Relationships among men, women and children are egalitarian, loose and flexible inside of “affection-groups”.  The Mound contains several pages of descriptive material that outlines the features of this society and its place in pre-history.  K’n-yan appears to be extremely stable and advanced relative to the human societies on Earth’s surface, but is also decadent.  

And this is the source of the horror in the story.  Zamacona notes that the population has declined and no longer fills the vast underground cities.  The energy, creativity and religious sentiment of the Tsathians is subordinated to the quest for entertainment and sensual pleasures, to aesthetic experiences and re-enactments of their grand history.   Ever the materialist, Lovecraft accounts for the ghostly appearances on the mound in terms of the Tsathian’s highly developed mental talents, which include telepathy and the ability to dematerialize and re-materialize at will—an ability that requires focused training.  Nothing spiritual here. 

Yet for those of us who are comfortable with some supernatural explanations of phenomena, there is an interesting comment later in the story.

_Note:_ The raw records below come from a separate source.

(* Let $\mathcal{F}$ be a saturated fusion system over a finite $p$-group $S$, and let $\mathcal{F}_0$ be a weakly normal subsystem of $\mathcal{F}$ over $S_0\le S$. Assume that $O^p(\Aut_{\mathcal{F}}(S_0))\le\Aut_{\mathcal{F}_0}(S_0)$. Then $O^p(\Aut_{\mathcal{F}}(P))\le\Aut_{\mathcal{F}_0}(P)$ for every $P\le S_0$. Thus, if in addition $\mathfrak{hyp}(\mathcal{F})\le S_0$, then $\mathcal{F}_0$ has $p$-power index in $\mathcal{F}$.
   Context: A subsystem $\mathcal{F}_0$ over $S_0$ is weakly normal in $\mathcal{F}$ (in the sense of Aschbacher) if $S_0$ is strongly closed in $\mathcal{F}$, $\mathcal{F}_0$ is saturated, $\mathcal{F}_0$ is $\mathcal{F}$-invariant (for $P\le Q\le S_0$ and $\phi\in\Hom_{\mathcal{F}}(Q,S_0)$, $\phi\Hom_{\mathcal{F}_0}(P,Q)\phi^{-1}\subseteq\Hom_{\mathcal{F}_0}(\phi P,\phi Q)$), and the Frattini condition holds (every $\phi\in\Hom_{\mathcal{F}}(P,S_0)$ with $P\le S_0$ factors as $\alpha\circ\phi_0$ with $\phi_0\in\Hom_{\mathcal{F}_0}(P,S_0)$, $\alpha\in\Aut_{\mathcal{F}}(S_0)$). The hyperfocal subgroup is $\mathfrak{hyp}(\mathcal{F})=\langle \phi(s)s^{-1}\mid s\in P\le S,\ \phi\in O^p(\Aut_{\mathcal{F}}(P))\rangle$. A subsystem $\mathcal{F}_0$ over $S_0\le S$ has $p$-power index in $\mathcal{F}$ if $\mathfrak{hyp}(\mathcal{F})\le S_0$ and $O^p(\Aut_{\mathcal{F}}(P))\le\Aut_{\mathcal{F}_0}(P)$ for each $P\le S_0$. *)

From mathcomp Require Import all_boot all_fingroup all_solvable.
Set Implicit Arguments. Unset Strict Implicit. Unset Printing Implicit Defensive.
Import GroupScope.

(* Fusion systems over subgroups of a finite group gT.  A morphism P -> _
   is a finite function gT -> gT, equal to 1 outside its domain P. *)
Section FusionDefs.
Variable gT : finGroupType.
Implicit Types (P Q R S : {set gT}) (f g : {ffun gT -> gT}).
Implicit Types (F : {set gT} -> {set {ffun gT -> gT}}).

Definition inj_hom P Q f : bool :=
  [&& [forall x in P, forall y in P, f (x * y) == f x * f y],
      [forall x in P, forall y in P, (f x == f y) ==> (x == y)],
      f @: P \subset Q &
      [forall x, (x \notin P) ==> (f x == 1)]].

Definition cmap P (g : gT) : {ffun gT -> gT} :=
  [ffun x => if x \in P then x ^ g else 1].

Definition fcomp P (psi phi : {ffun gT -> gT}) : {ffun gT -> gT} :=
  [ffun x => if x \in P then psi (phi x) else 1].

Definition finv P f : {ffun gT -> gT} :=
  [ffun y => if y \in f @: P then odflt 1 [pick x in P | f x == y] else 1].

(* A (candidate) fusion system: F P = Hom_F(P, S) (all morphisms out of P). *)
Definition homF (F : {set gT} -> {set {ffun gT -> gT}}) P Q :=
  [set f in F P | f @: P \subset Q].

Definition homS S P Q := [set cmap P g | g in S & P :^ g \subset Q].

Definition is_fusion_system S (F : {set gT} -> {set {ffun gT -> gT}}) : Prop :=
  [/\ (forall P Q : {group gT}, P \subset S -> Q \subset S ->
         homS S P Q \subset homF F P Q),
      (forall P : {group gT}, P \subset S ->
         F P \subset [set f | inj_hom P S f]),
      (forall (P : {group gT}) f, P \subset S -> f \in F P ->
         finv P f \in F (f @: P)) &
      (forall (R P : {group gT}) phi psi, R \subset S -> P \subset S ->
         phi \in homF F R P -> psi \in F P -> fcomp R psi phi \in F R)].

Definition pfun P (a : {perm gT}) : {ffun gT -> gT} :=
  [ffun x => if x \in P then a x else 1].

Definition AutF (F : {set gT} -> {set {ffun gT -> gT}}) P :=
  [set a in Aut P | pfun P a \in F P].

The author describes how the Tsathian’s entertain themselves by re-enacting ancient battles on the surface in their semi-dematerialized forms.  He comments:  “Some philosophers thought that in such cases they actually coalesced with immaterial forces left behind by these warlike ancestors themselves.”  What could these ‘immaterial forces’ be but a survival of something outside the physical body?

More disturbingly, the Tsathians turn to their amphitheaters for gruesome entertainment, just as the Romans did—“where curious sports and sensations were provided for the weary people of K’n-yan.”  The ‘sports and sensations’ involve the psychokinetic surgical mutilation of members of the underclass.  As is demonstrated later in the story, such mutilations are also an aspect of the remarkably cruel and brutal system of justice.

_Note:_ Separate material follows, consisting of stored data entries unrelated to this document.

(* Let $\mathscr{O}$ be an operad in $\mathbbm{k}$-vector spaces and $\mu\in\mathscr{O}(2)$ satisfy the right Leibniz condition. Suppose $F\in\mathcal{F}_{\mathscr{O}}$ satisfies $\kappa_\mu F\in\mathcal{F}^\mu_{\mathscr{O}}$. Then for every subobject $K\subset F$, $\kappa_\mu K\in\mathcal{F}^\mu_{\mathscr{O}}$.
   Context: $\mathbf{Cat}\,\mathscr{O}$ is the $\mathbbm{k}$-linear PROP associated to $\mathscr{O}$ (objects $\mathbb{N}$, $\mathbf{Cat}\,\mathscr{O}(m,n)=\bigoplus_{f:\{1..m\}\to\{1..n\}}\bigotimes_i\mathscr{O}(|f^{-1}(i)|)$, $\boxplus$ = addition on objects); $\mathcal{F}_{\mathscr{O}}$ is the category of $\mathbbm{k}$-linear functors $\mathbf{Cat}\,\mathscr{O}\to\mathbbm{k}$-vector spaces. $\delta F(n)=F(n+1)$, $\xi$ acting by $F(\xi\boxplus\mathrm{Id}_1)$. For $1\le i\le n$, $\mu_i(n)\in\mathbf{Cat}\,\mathscr{O}(n+1,n)$ is given by the map $j\mapsto j$ ($j\le n$), $n+1\mapsto i$, identity on singleton fibres and $\mu$ with inputs $(i,n+1)$ over $i$. Right Leibniz condition: $\mu\circ(\nu\boxplus\mathrm{Id}_1)=\nu\circ\sum_i\mu_i(n)$ in $\mathscr{O}(n+1)$ for all $n,\nu\in\mathscr{O}(n)$; then $\widetilde\mu_F(n)=F(\sum_i\mu_i(n))$ defines a natural transformation $\widetilde\mu_F:\delta F\to F$. $\mathcal{F}^\mu_{\mathscr{O}}$ is the full subcategory of $F$ with $\widetilde\mu_F=0$, and $\kappa_\mu F:=\ker\widetilde\mu_F$. *)

(* Operads are encoded in the (standard, equivalent)
   "species" form: O(S) for every finite set S, relabelling along bijections,
   and composition along maps of finite sets.  O(n) of the paper is O('I_n);
   decorations on a fibre f^{-1}(i) are elements of O(fibre), the fibre being
   ordered as a subset of 'I_m (this is the paper's identification of the
   fibre with {1..|f^{-1}(i)|}). *)
From HB Require Import structures.
From mathcomp Require Import all_boot all_algebra.
Set Implicit Arguments. Unset Strict Implicit. Unset Printing Implicit Defensive.
Import GRing.Theory.
Local Open Scope ring_scope.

At the end of the story, the narrator discovers the shocking fate of Zamacona after the explorer had attempted an escape from K’n-yan.  Without going into much detail, Zamacona’s terrible punishment involves placement of his identity inside the body of another—a device that occurs in several Lovecraft stories and interesting because of its recurrence.  The Shadow Out of Time (1936) and The Case of Charles Dexter Ward (1941) are probably the best known stories where this device is used.  Typically, the identity of one character—who is ‘good’ or of superior character—is trapped inside that of another, who is either alien or degenerate.  What is this about?  Here are some other examples:

A highly intelligent being from outer space is trapped inside the body of a mental patient in Beyond the Wall of Sleep (1919).  Edward Derby is repeatedly transferred into the body of his evil wife Asenath in The Thing on the Doorstep (1937)—even after she has been murdered.  In The Challenge from Beyond (1937) George Campbell’s mind is transferred into the body of an extra-terrestrial that resembles a centipede.  Finally, a narrator discovers he has been transferred into the body of an Anglican priest in The Evil Clergyman, (1939) possibly one of the most horrifying ideas Lovecraft could have conceived.

A couple of posts cannot do justice to the depth and ambition of Lovecraft’s The Mound.  The speculative anthropology is thought provoking, while the ending is quite powerful and haunting.  This story is recommended to all who would seek a deeper understanding of what was on Lovecraft’s mind at the height of his career.